- HOW TO COMPLETE THIS TASK
From the entries below, output the line with "(valency g = 2%N" and each following line up to and including the line with "Definition in_terwilliger (y", exactly as written.

Dataset entries:
---*---

(* Let $T>0$ and let $M,N\ge 1$ be integers. Let $a\in L^2(\mathbb R)$ be supported in $[-T_a/2,T_a/2]$ for some $T_a>0$ (no further restriction on $T_a$), and suppose $a$ is square-root Nyquist for the interval $T/M$ with energy $1/N$, i.e. $$\int_{\mathbb R} a(t)\,a^*\!\left(t-k\tfrac{T}{M}\right)dt=\tfrac1N\,\delta(k)\quad\text{for all }k\in\mathbb Z.$$ Define the DDOP $u(t)=\sum_{\dot n=0}^{N-1}a(t-\dot nT)$, let $D=\lceil T_a/T\rceil$, and define its cyclically extended version $$u_c(t)=\sum_{n=-D}^{N-1+D}a(t-nT).$$ Then $$\mathcal A_{u_c,u}\!\left(m\tfrac{T}{M},\,n\tfrac{1}{NT}\right)=\delta(m)\,\delta(n)$$ for all integers $m,n$ with $|m|\le M-1$ and $|n|\le N-1$.
   Context: For $g,\gamma\in L^2(\mathbb R)$, the (cross-)ambiguity function is $\mathcal A_{g,\gamma}(\tau,\nu)=\int_{\mathbb R} g(t)\,\gamma^*(t-\tau)\,e^{-j2\pi\nu(t-\tau)}\,dt$. Here $\delta(\cdot)$ denotes the Kronecker delta on integers, $j=\sqrt{-1}$, and $\lceil\cdot\rceil$ is the ceiling function. *)

From mathcomp Require Import all_boot all_order all_algebra.
From mathcomp Require Import all_classical all_reals all_analysis.
From mathcomp Require Import complex.
Import Order.TTheory GRing.Theory Num.Theory.
Local Open Scope ring_scope.
Local Open Scope complex_scope.

Set Implicit Arguments.
Unset Strict Implicit.
Unset Printing Implicit Defensive.

Definition Cintegral (R : realType) (f : R -> R[i]) : R[i] :=
  (Rintegral (@lebesgue_measure R) setT (fun t => complex.Re (f t)))
  +i* (Rintegral (@lebesgue_measure R) setT (fun t => complex.Im (f t))).

Definition expj (R : realType) (theta : R) : R[i] := cos theta +i* sin theta.

Definition L2 (R : realType) (f : R -> R[i]) : Prop :=
  measurable_fun setT (fun t => complex.Re (f t)) /\
  measurable_fun setT (fun t => complex.Im (f t)) /\
  (\int[@lebesgue_measure R]_t ((complex.Re (f t)) ^+ 2 + (complex.Im (f t)) ^+ 2)%:E < +oo)%E.

Definition ambiguity (R : realType) (g gamma : R -> R[i]) (tau nu : R) : R[i] :=
  Cintegral (fun t => g t * (gamma (t - tau))^* *
                       expj (- (2 * pi * nu * (t - tau)))).

Definition kdelta (R : realType) (k : int) : R[i] := (k == 0)%:R.

Definition ddop (R : realType) (N : nat) (T : R) (a : R -> R[i]) (t : R) : R[i] :=
  \sum_(n < N) a (t - n%:R * T).

(* Cyclically extended DDOP u_c(t) = sum_{n=-D}^{N-1+D} a(t - n T),
   with n = i - D, i = 0 .. N - 1 + 2D. *)
Definition ddop_c (R : realType) (N D : nat) (T : R) (a : R -> R[i]) (t : R) : R[i] :=
  \sum_(i < N + 2 * D) a (t - (i%:R - D%:R) * T).

From mathcomp Require Import all_boot all_order all_algebra.
From mathcomp Require Import all_classical all_reals all_analysis.
From mathcomp Require Import complex measurable_realfun ring lra zify.
Import Order.TTheory GRing.Theory Num.Theory.
Import numFieldNormedType.Exports.
Local Open Scope classical_set_scope.
Local Open Scope ring_scope.
Local Open Scope complex_scope.
(* Let $S=\{R_0,\dots,R_d\}$ be a quasi-thin scheme on $X$, $\mathbb F$ a field, $x\in X$, $\mathcal T=\mathcal T(x)$, $E_a^*=E_a^*(x)$, and fix a total order $\preceq$ on $X$. Let $\mathcal U=\{(g,h):k_g=k_h=|R_{g'}R_h|=2\}\cup\{(g,h):(g,h)\text{ is a bad pair of }S\}$. For $(i,j)\in\mathcal U$ write $xR_i=\{u_1,u_2\}$, $xR_j=\{v_1,v_2\}$ with $u_1\prec u_2$, $v_1\prec v_2$, and set $B_{ij}=E_{u_1v_1}+E_{u_2v_2}$. Then $$\mathcal B=\{B_{ij}:(i,j)\in\mathcal U\}\cup\{E_y^*JE_z^*:R_y,R_z\in S\}$$ is an $\mathbb F$-basis of $\mathcal T$.
   Context: Let $X$ be a nonempty finite set. A scheme of class $d$ on $X$ is a partition $S=\{R_0,\dots,R_d\}$ of $X\times X$ into nonempty sets such that $R_0=\{(b,b):b\in X\}$; for each $c$ there is $c'$ with $R_{c'}=\{(f,e):(e,f)\in R_c\}$; and for all $i,j,k$ the intersection number $p_{ij}^k=|\{\ell\in X:(m,\ell)\in R_i,(\ell,n)\in R_j\}|$ does not depend on $(m,n)\in R_k$. The valency is $k_a=p_{aa'}^0$; quasi-thin means all $k_a\le 2$. Complex product: $R_aR_b=\{R_c:p_{ab}^c>0\}$. For $y\in X$, $yR_a=\{z:(y,z)\in R_a\}$. $A_a\in M_X(\mathbb F)$ is the $(0,1)$ adjacency matrix of $R_a$, $E_a^*(y)$ is the diagonal $(0,1)$-matrix with ones exactly at positions indexed by $yR_a$, $E_{uv}$ is the matrix unit at $(u,v)$, $J$ is the all-ones matrix. The Terwilliger $\mathbb F$-algebra $\mathcal T(y)$ is the $\mathbb F$-subalgebra of $M_X(\mathbb F)$ generated by $A_0,\dots,A_d,E_0^*(y),\dots,E_d^*(y)$. Bad pair: $(u,v)$ is a bad pair of $S$ if there exist an integer $a\ge1$ and $R_{i_b},R_{j_b},R_{\ell_b}\in S$ ($b=0,\dots,a$) with $i_0=u$, $\ell_a=v$, $k_{i_b}=k_{\ell_b}=2$ and $p_{i_bj_b}^{\ell_b}=1$ for all $b$, $\ell_c=i_{c+1}$ for $0\le c\le a-1$, and $|R_{u'}R_v|=1$. (For $(i,j)\in\mathcal U$ one has $k_i=k_j=2$.) *)

From HB Require Import structures.
From mathcomp Require Import all_boot all_order all_algebra.
From mathcomp Require Import boolp.
Set Implicit Arguments. Unset Strict Implicit. Unset Printing Implicit Defensive.
Import GRing.Theory.
Local Open Scope ring_scope.

(* The finite set X is 'I_n; a partition of X x X into d+1 classes R_0..R_d
   is given by the "class function" r : X -> X -> 'I_d.+1 ((u,v) \in R_(r u v)). *)
Section Scheme.
Variables (n d : nat) (r : 'I_n -> 'I_n -> 'I_d.+1).

Definition is_scheme : Prop :=
  [/\ (forall c : 'I_d.+1, exists u v, r u v = c),
      (forall u v, (r u v == ord0) = (u == v)),
      (forall c : 'I_d.+1, exists c' : 'I_d.+1,
          forall e f, (r f e == c') = (r e f == c)) &
      (forall (i j k : 'I_d.+1) (m1 n1 m2 n2 : 'I_n),
          r m1 n1 = k -> r m2 n2 = k ->
          #|[set l | (r m1 l == i) && (r l n1 == j)]| =
          #|[set l | (r m2 l == i) && (r l n2 == j)]|)].               (* p_ij^k well defined *)

Definition pnum (i j k : 'I_d.+1) : nat :=
  if [pick mn : 'I_n * 'I_n | r mn.1 mn.2 == k] is Some mn then
    #|[set l | (r mn.1 l == i) && (r l mn.2 == j)]|
  else 0%N.

Definition ctr (c : 'I_d.+1) : 'I_d.+1 :=
  if [pick mn : 'I_n * 'I_n | r mn.1 mn.2 == c] is Some mn then r mn.2 mn.1 else c.

Definition valency (a : 'I_d.+1) : nat := pnum a (ctr a) ord0.

Definition quasi_thin : Prop := forall a, (valency a <= 2)%N.

Definition cplx_card (a b : 'I_d.+1) : nat := #|[set c | (0 < pnum a b c)%N]|.

Definition bad_pair (u v : 'I_d.+1) : Prop :=
  exists (a : nat) (i j l : nat -> 'I_d.+1),
    [/\ (1 <= a)%N, i 0%N = u & l a = v] /\
    [/\
        (forall b, (b <= a)%N ->
           [/\ valency (i b) = 2%N, valency (l b) = 2%N & pnum (i b) (j b) (l b) = 1%N]),
        (forall c, (c < a)%N -> l c = i c.+1) &
        cplx_card (ctr u) v = 1%N].

Definition inU (g h : 'I_d.+1) : Prop :=
  (valency g = 2%N /\ valency h = 2%N /\ cplx_card (ctr g) h = 2%N) \/ bad_pair g h.

Definition Uset : {set 'I_d.+1 * 'I_d.+1} := [set gh | `[< inU gh.1 gh.2 >]].

Variable F : fieldType.

Definition adjA (a : 'I_d.+1) : 'M[F]_n := \matrix_(u, v) (r u v == a)%:R.

Definition Estar (y : 'I_n) (a : 'I_d.+1) : 'M[F]_n :=
  \matrix_(u, v) ((u == v) && (r y u == a))%:R.

Definition Jmx : 'M[F]_n := const_mx 1.

(* membership in the Terwilliger algebra T(y): the smallest F-subalgebra
   (subspace containing 1 and closed under product) containing all A_a, E_a^*(y) *)
Definition in_terwilliger (y : 'I_n) (M : 'M[F]_n) : Prop :=
  forall V : {vspace 'M[F]_n},
    (1%:M \in V) ->
    (forall a, adjA a \in V) -> (forall a, Estar y a \in V) ->
    (forall P Q, P \in V -> Q \in V -> P *m Q \in V) ->
    M \in V.

Definition total_order (le : rel 'I_n) : Prop :=
  [/\ reflexive le, antisymmetric le, transitive le & total le].

Definition nbrs_sorted (le : rel 'I_n) (y : 'I_n) (a : 'I_d.+1) : seq 'I_n :=
  sort le (enum [set u | r y u == a]).

Definition Bmx (le : rel 'I_n) (y : 'I_n) (i j : 'I_d.+1) : 'M[F]_n :=
  let su := nbrs_sorted le y i in let sv := nbrs_sorted le y j in
  delta_mx (nth y su 0) (nth y sv 0) + delta_mx (nth y su 1) (nth y sv 1).

Definition Bfamily (le : rel 'I_n) (y : 'I_n) : seq 'M[F]_n :=
  [seq Bmx le y ij.1 ij.2 | ij <- enum Uset] ++
  [seq Estar y yz.1 *m Jmx *m Estar y yz.2 | yz <- enum [set: 'I_d.+1 * 'I_d.+1]].

Definition is_basis_of_terwilliger (y : 'I_n) (B : seq 'M[F]_n) : Prop :=
  [/\ (forall M, M \in B -> in_terwilliger y M),
      free B &
      (forall M, in_terwilliger y M -> M \in <<B>>%VS)].

End Scheme.

From HB Require Import structures.
From mathcomp Require Import all_boot all_order all_algebra.
From mathcomp Require Import boolp zify ring.
Set Implicit Arguments. Unset Strict Implicit. Unset Printing Implicit Defensive.
Import GRing.Theory.
Local Open Scope ring_scope.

---*---

- RESULT FOR THIS EXERCISE
  (valency g = 2%N /\ valency h = 2%N /\ cplx_card (ctr g) h = 2%N) \/ bad_pair g h.

Definition Uset : {set 'I_d.+1 * 'I_d.+1} := [set gh | `[< inU gh.1 gh.2 >]].

Variable F : fieldType.

Definition adjA (a : 'I_d.+1) : 'M[F]_n := \matrix_(u, v) (r u v == a)%:R.

Definition Estar (y : 'I_n) (a : 'I_d.+1) : 'M[F]_n :=
  \matrix_(u, v) ((u == v) && (r y u == a))%:R.

Definition Jmx : 'M[F]_n := const_mx 1.

(* membership in the Terwilliger algebra T(y): the smallest F-subalgebra
   (subspace containing 1 and closed under product) containing all A_a, E_a^*(y) *)
Definition in_terwilliger (y : 'I_n) (M : 'M[F]_n) : Prop :=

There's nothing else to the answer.